The head of the National Association of Evangelicals, who has stepped down while his church investigates a claim he paid a man for sex, had been working to broaden the evangelical agenda, raising the profile of the group but also drawing criticism from old guard leaders.

The Rev. Ted Haggard of Colorado had continued to fight abortion and acceptance of gay relationships in his three years as association president, recently championing a proposed ban on same-sex marriage on his home state's ballot. But he also prioritized anti-poverty work and environmental activism.

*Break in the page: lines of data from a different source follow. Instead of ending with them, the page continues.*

(* b_P for a block P = {p_1 < ... < p_h}:
   sum over sigma in S_{h-1} of
   (((b_{p_h} |> b_{p_sigma(h-1)}) |> b_{p_sigma(h-2)}) ...) |> b_{p_sigma(1)}.
   (0-indexed: qb`_i = b_{p_{i+1}}.) *)
Definition block_term (theta : F) (R : A -> A) (b : 'I_n -> A)
    (B : {set 'I_n}) : A :=
  let qb := [seq b i | i <- block_elems B] in
  let h := size qb in
  \sum_(s : 'S_(h.-1))
     foldl (rb_tri theta R) (last 0 qb)
           [seq qb`_(s j) | j <- rev (enum 'I_(h.-1))].

Definition sorted_blocks (P : {set {set 'I_n}}) : seq {set 'I_n} :=
  sort (fun B C => (block_max B <= block_max C)%N) (enum P).

Definition rb_lhs (R : A -> A) (b : 'I_n -> A) : A :=
  \sum_(s : 'S_n) rb_word R [seq b (s i) | i <- enum 'I_n].

Definition rb_rhs (theta : F) (R : A -> A) (b : 'I_n -> A) : A :=
  \sum_(P : {set {set 'I_n}} | partition P [set: 'I_n])
     star_prod theta R [seq block_term theta R b B | B <- sorted_blocks P].

End RB.

From HB Require Import structures.
From mathcomp Require Import all_boot all_order all_algebra all_fingroup.
Import GRing.Theory.
Local Open Scope ring_scope.

Set Implicit Arguments. Unset Strict Implicit. Unset Printing Implicit Defensive.

(* Regard both sides as functions of the set S of letters. Both satisfy
   X(S) = sum_(j in S) R^(X(S \ j)) b_j, where R^ is R except that the empty
   set gives 1; fixed points of this recursion are unique. For the left side
   this is splitting off the last letter. For the right side, the block Q of
   the maximum m of S comes last in every star product, and R(x * y) = R x R y
   turns R of a partition sum into a product along that block. Expanding
   b_Q = sum_(j in Q \ m) b_(Q \ j) |> b_j by its last letter as well, the
   identity x |> c + c (R x + theta x) = R(x) c merges the terms where the
   last letter j lies in Q with those where it lies in an earlier block. *)

Section Orderings.
Variables (T : finType) (V : nmodType).
Implicit Types (S : {set T}) (G : seq T -> V).

Definition sum_orderings S G : V := \sum_(t <- permutations (enum S)) G t.

Lemma big_permutations_perm (s1 s2 : seq T) G : perm_eq s1 s2 ->
  \sum_(t <- permutations s1) G t = \sum_(t <- permutations s2) G t.
Proof. by move/perm_permutations; apply: perm_big. Qed.

Lemma sum_orderings0 G : sum_orderings set0 G = G [::].
Proof. by rewrite /sum_orderings enum_set0 big_seq1. Qed.

Lemma sum_orderings_rev S G : sum_orderings S (G \o rev) = sum_orderings S G.
Proof.
rewrite /sum_orderings -(big_map rev xpredT G); apply: perm_big.
apply: uniq_perm; rewrite ?(map_inj_uniq (can_inj revK)) ?permutations_uniq //.
move=> t; rewrite mem_permutations; apply/mapP/idP => [[u]|Ht].
  by rewrite mem_permutations => Hu ->; rewrite perm_rev.
by exists (rev t); rewrite ?revK // mem_permutations perm_rev.
Qed.

Lemma sum_orderings_cons S G : S != set0 ->
  sum_orderings S G = \sum_(j in S) sum_orderings (S :\ j) (fun t => G (j :: t)).
Proof.
move=> S0; rewrite /sum_orderings (perm_big _ (permutationsE _)); last first.
  by rewrite -cardE card_gt0.
rewrite big_allpairs_dep undup_id ?enum_uniq // -big_enum /=.
apply: eq_big_seq => j; rewrite mem_enum => Sj; apply: big_permutations_perm.
apply: uniq_perm; rewrite ?rem_uniq ?enum_uniq // => x.
by rewrite mem_rem_uniq ?enum_uniq // !inE !mem_enum !inE.
Qed.

Lemma sum_orderings_rcons S G : S != set0 ->
  sum_orderings S G = \sum_(j in S) sum_orderings (S :\ j) (fun t => G (rcons t j)).
Proof.
move=> S0; rewrite -sum_orderings_rev sum_orderings_cons //.
apply: eq_bigr => j _; rewrite -sum_orderings_rev.
by apply: eq_bigr => t _; rewrite /= rev_cons revK.
Qed.

Lemma orderings_neq_nil S (t : seq T) :
  S != set0 -> t \in permutations (enum S) -> t != [::].
Proof.
move=> S0; rewrite mem_permutations => /perm_size; rewrite -cardE.
by case: t => //= H; move: S0; rewrite -card_gt0 -H.
Qed.

Lemma big_Sn_permutations k (f : 'I_k -> T) G : injective f ->
  \sum_(s : 'S_k) G [seq f (s i) | i <- enum 'I_k] =
  \sum_(t <- permutations [seq f i | i <- enum 'I_k]) G t.
Proof.
move=> f_inj; pose word (s : 'S_k) := [seq f (s i) | i <- enum 'I_k].
have word_inj : injective word.
  move=> s1 s2 /eq_in_map E; apply/permP => i; apply: f_inj.
  by apply: E; rewrite mem_enum.
have word_perm s : word s \in permutations [seq f i | i <- enum 'I_k].
  rewrite mem_permutations /word (map_comp f s); apply: perm_map.
  apply: uniq_perm; rewrite ?(map_inj_uniq (@perm_inj _ s)) ?enum_uniq // => x.
  rewrite mem_enum; apply/mapP; exists (s^-1 x)%g; rewrite ?mem_enum ?permKV //.
have uniq_words : uniq [seq word s | s <- enum 'S_k].
  by rewrite (map_inj_uniq word_inj) enum_uniq.
have sub_words : {subset [seq word s | s <- enum 'S_k] <= permutations [seq f i | i <- enum 'I_k]}.
  by move=> t /mapP[s _ ->].
rewrite -[LHS](big_map word xpredT G) [index_enum _]unlock -enumT.
apply/perm_big/uniq_perm; rewrite ?permutations_uniq //.
apply: (uniq_min_size uniq_words sub_words _).2.
rewrite size_permutations ?(map_inj_uniq f_inj) ?enum_uniq //.
by rewrite !size_map -!enumT -!cardT card_ord card_Sn.
Qed.

End Orderings.

Section SetPartitions.
Variable T : finType.
Implicit Types (S Q : {set T}) (P : {set {set T}}).

Lemma set_proper_ind (Pr : {set T} -> Prop) :
  (forall S, (forall S', S' \proper S -> Pr S') -> Pr S) -> forall S, Pr S.
Proof.
move=> IH S; elim: {S}_.+1 {-2}S (ltnSn #|S|) => // N IHN S leSN.
by apply: IH => S' /proper_card ltS'S; apply: IHN; apply: leq_trans ltS'S leSN.
Qed.

Lemma partition_setU1 S Q P m : m \in Q -> Q \subset S ->
  partition P (S :\: Q) -> partition (Q |: P) S.
Proof.
move=> mQ QS PS; have Q0 : Q != set0 by apply/set0Pn; exists m.
have disQ : [disjoint Q & S :\: Q] by rewrite disjoint_sym disjoints_subset setDE subsetIr.
have -> : S = Q :|: S :\: Q.
  by apply/setP => x; rewrite !inE; case xQ: (x \in Q); rewrite //= (subsetP QS).
exact: partitionU1.
Qed.

Lemma notin_partition_setD S Q P m : m \in Q -> partition P (S :\: Q) -> Q \notin P.
Proof.
move=> mQ PS; apply/negP => /(partitionS PS)/subsetP/(_ m mQ).
by rewrite inE mQ.
Qed.

Lemma big_partition_block (V : nmodType) S m (f : {set {set T}} -> V) : m \in S ->
  \sum_(P : {set {set T}} | partition P S) f P =
  \sum_(Q : {set T} | (m \in Q) && (Q \subset S)) \sum_(P : {set {set T}} | partition P (S :\: Q)) f (Q |: P).
Proof.
move=> mS; rewrite (partition_big (pblock^~ m) (fun Q => (m \in Q) && (Q \subset S))) /=; last first.
  move=> P PS; have covP := cover_partition PS; rewrite mem_pblock covP mS /=.
  by apply: partitionS PS _; apply: pblock_mem; rewrite covP.
apply: eq_bigr => Q /andP[mQ QS].
rewrite (reindex_onto (fun P => Q |: P) (fun P => P :\ Q)) /=; last first.
  by move=> P /andP[PS /eqP <-]; apply/setD1K/pblock_mem; rewrite (cover_partition PS).
apply: eq_bigl => P; apply/idP/idP => [/andP[/andP[PS _] /eqP <-]|PS].
  exact: partitionD1 PS (setU11 _ _).
have QP := partition_setU1 mQ QS PS.
rewrite setU1K ?(notin_partition_setD mQ PS) // eqxx QP andbT /=.
by rewrite (def_pblock (partition_trivIset QP) (setU11 _ _) mQ).
Qed.

Lemma big_block_setD1 (V : nmodType) S m (G : {set T} -> T -> V) :
  \sum_(Q : {set T} | (m \in Q) && (Q \subset S)) \sum_(j in Q :\ m) G Q j =
  \sum_(Q : {set T} | (m \in Q) && (Q \subset S)) \sum_(j in S :\: Q) G (j |: Q) j.
Proof.
rewrite (exchange_big_dep xpredT) //= [RHS](exchange_big_dep xpredT) //=.
apply: eq_bigr => j _.
rewrite (reindex_onto (fun Q => j |: Q) (fun Q => Q :\ j)) /=; last first.
  by move=> Q /andP[_]; rewrite inE => /andP[_ jQ]; rewrite setD1K.
apply: eq_bigl => Q.
have -> : ((j |: Q) :\ j == Q) = (j \notin Q).
  by apply/eqP/idP => [<-|/setU1K //]; rewrite !inE eqxx.
rewrite subUset sub1set !inE eqxx /= andbT.
case: (eqVneq j m) => [->|_]; first by case: (m \in Q); rewrite ?andbF.
by case: (m \in Q); case: (j \in Q); case: (j \in S); case: (Q \subset S).
Qed.

Lemma exchange_big_block_setD1 (V : nmodType) S m (G : {set T} -> T -> V) :
  \sum_(j in S | j != m) \sum_(Q : {set T} | (m \in Q) && (Q \subset S :\ j)) G Q j =
  \sum_(Q : {set T} | (m \in Q) && (Q \subset S)) \sum_(j in S :\: Q) G Q j.
Proof.
rewrite (exchange_big_dep (fun Q => (m \in Q) && (Q \subset S))) /=; last first.
  by move=> j Q _ /andP[-> /subset_trans]; apply; apply: subD1set.
apply: eq_bigr => Q /andP[mQ QS]; apply: eq_bigl => j.
rewrite subsetD1 mQ QS !inE /=.
case: (eqVneq j m) => [->|_]; first by rewrite mQ andbF.
by rewrite andbT; case: (j \in Q); case: (j \in S).
Qed.

End SetPartitions.

Section BlockMax.
Variable n : nat.
Implicit Types (S Q B C : {set 'I_n}) (P : {set {set 'I_n}}).

Definition is_max (m : 'I_n) S := m \in S /\ forall i, i \in S -> (i <= m)%N.

Lemma is_maxS m S Q : is_max m S -> m \in Q -> Q \subset S -> is_max m Q.
Proof. by move=> [_ maxm] mQ /subsetP QS; split=> // i /QS; apply: maxm. Qed.

Lemma block_max_witness B : B != set0 -> {i | i \in B & block_max B = val i}.
Proof. by move=> B0; apply: eq_bigmax_cond; rewrite card_gt0. Qed.

Lemma block_maxE m B : is_max m B -> block_max B = val m.
Proof.
case=> mB maxm; apply/eqP; rewrite eqn_leq (leq_bigmax_cond m) // andbT.
by apply/bigmax_leqP => i; apply: maxm.
Qed.

Lemma is_max_exists S : S != set0 -> exists m, is_max m S.
Proof.
move=> S0; have [m mS Em] := block_max_witness S0.
by exists m; split=> // i iS; rewrite -Em (leq_bigmax_cond i).
Qed.

Lemma block_max_inj D P B C : partition P D -> B \in P -> C \in P ->
  block_max B = block_max C -> B = C.
Proof.
move=> PD BP CP; have [i iB ->] := block_max_witness (partition_neq0 PD BP).
have [j jC -> /val_inj eq_ij] := block_max_witness (partition_neq0 PD CP).
have tP := partition_trivIset PD; rewrite -eq_ij in jC.
by rewrite -(def_pblock tP BP iB) -(def_pblock tP CP jC).
Qed.

Lemma sorted_blocks_setU1 S Q P m : is_max m S -> m \in Q -> Q \subset S ->
  partition P (S :\: Q) -> sorted_blocks (Q |: P) = rcons (sorted_blocks P) Q.
Proof.
move=> maxS mQ QS PS; have [mS maxm] := maxS.
pose le B C := (block_max B <= block_max C)%N.
have le_trans : transitive le by move=> ? ? ?; apply: leq_trans.
have le_total : total le by move=> ? ?; apply: leq_total.
have maxQ : block_max Q = val m by apply/block_maxE/(is_maxS maxS).
have max_lt B : B \in P -> (block_max B < m)%N.
  move=> BP; have [i iB ->] := block_max_witness (partition_neq0 PS BP).
  have := subsetP (partitionS PS BP) i iB; rewrite !inE => /andP[iQ iS].
  by rewrite ltn_neqAle maxm // andbT; apply: contraNneq iQ => /val_inj ->.
have QP := partition_setU1 mQ QS PS.
rewrite /sorted_blocks -/le -[RHS](sorted_sort le_trans); last first.
  case E: (sort le (enum P)) => [|B l] //=; rewrite rcons_path.
  have lP : last B l \in P by rewrite -mem_enum -(mem_sort le) E mem_last.
  have := sort_sorted le_total (enum P); rewrite E /= => -> /=.
  by rewrite /le maxQ ltnW ?max_lt.
apply/perm_sort_inP => [? ? _ _|? ? ? _ _ _|B C|]; rewrite ?mem_enum.
- exact: le_total.
- exact: le_trans.
- by move=> BP CP /andP[h1 h2]; apply: (block_max_inj QP) => //; apply/eqP; rewrite eqn_leq; apply/andP.
apply: uniq_perm; rewrite ?enum_uniq //.
  by rewrite rcons_uniq sort_uniq enum_uniq andbT mem_sort mem_enum (notin_partition_setD mQ PS).
by move=> B; rewrite mem_enum mem_rcons !inE mem_sort mem_enum.
Qed.

Lemma block_elems_max m Q : is_max m Q ->
  {e | block_elems Q = rcons e m & perm_eq e (enum (Q :\ m))}.
Proof.
move=> [mQ maxm]; pose le (i j : 'I_n) := (i <= j)%N.
have sorted_e : sorted le (block_elems Q) by apply: sort_sorted => ? ?; apply: leq_total.
have uniq_e : uniq (block_elems Q) by rewrite sort_uniq enum_uniq.
have mem_e : block_elems Q =i Q by move=> x; rewrite mem_sort mem_enum.
move: sorted_e uniq_e mem_e; case/lastP: (block_elems Q) => [|e l] sorted_e uniq_e mem_e.
  by move: (mem_e m); rewrite mQ.
have lm : l = m.
  apply/val_inj/eqP; rewrite eqn_leq maxm -?mem_e ?mem_rcons ?mem_head //=.
  move: (mem_e m); rewrite mQ mem_rcons inE => /predU1P[->//|me].
  have le_trans : transitive le by move=> ? ? ?; apply: leq_trans.
  suff /andP[] : sorted le [:: m; l] by [].
  apply: (subseq_sorted le_trans _ sorted_e).
  by rewrite -cats1; apply: (@cat_subseq _ [:: m]); rewrite sub1seq ?mem_head.
rewrite lm in uniq_e mem_e *; exists e => //.
apply: uniq_perm; rewrite ?enum_uniq //; first by move: uniq_e; rewrite rcons_uniq => /andP[].
move=> x; rewrite mem_enum !inE -mem_e mem_rcons inE.
by case: eqVneq => [->|//]; move: uniq_e; rewrite rcons_uniq => /andP[/negbTE ->].
Qed.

The association recently started a project called "Re:Vision," meant to advance a "broad biblical agenda" to include improving health care and ending racism.

"He's helped to build up the organization," said John Green, senior fellow at the Pew Forum on Religion & Public Life. "He's also taken risks."

One of Haggard's biggest leaps came when he said he believed global warming was occurring, and that stopping climate change should be an evangelical priority.

His position drew a rebuke from some prominent evangelicals including James Dobson of Focus on the Family, leading Haggard to keep the association out of at least one religious environmental protection campaign this year. The NAE is an umbrella group that claims a membership of 45,000 conservative yet very diverse churches that usually act independently.

"It created some disgruntlement among certain evangelicals who thought that any attention diverted away from abortion was moving in the wrong direction," said Corwin Smidt, a political scientist at Calvin College who researches evangelicals.

Haggard resigned Thursday as president of the NAE and as pastor of his New Life Church in Colorado Springs, Colo., after a 49-year-old Denver man said the pastor had paid him to have sex monthly over the past three years. Haggard, a married father of five, denied the allegations.

The pastor, who is about 50, started his Colorado Springs church in 1985, seven years after graduating from Oral Roberts University. New Life has since expanded to 14,000 members, with a campus near the Air Force Academy that includes a 24-hour prayer center.

Recognizing the dramatic spread of conservative Christianity in Africa, Haggard travels to the continent about twice a year, taking other American pastors along to educate them about fast-growing churches abroad. He so admires the success of African pastors that he modeled the main sanctuary of his Colorado Springs church on a Nigerian megachurch.

His position with the evangelical association was influential; Haggard has participated in conference calls with White House staffers and has lobbied Congress for conservative U.S. Supreme Court justices. But the association is too decentralized for the kind of political organizing Dobson and other evangelical activists lead, Green said.

"The NAE sees itself as have primarily a religious mission and alongside that, religious mission, a public policy mission," Green said. "They have not been in the forefront of the political mobilization efforts, but they have cheered them on."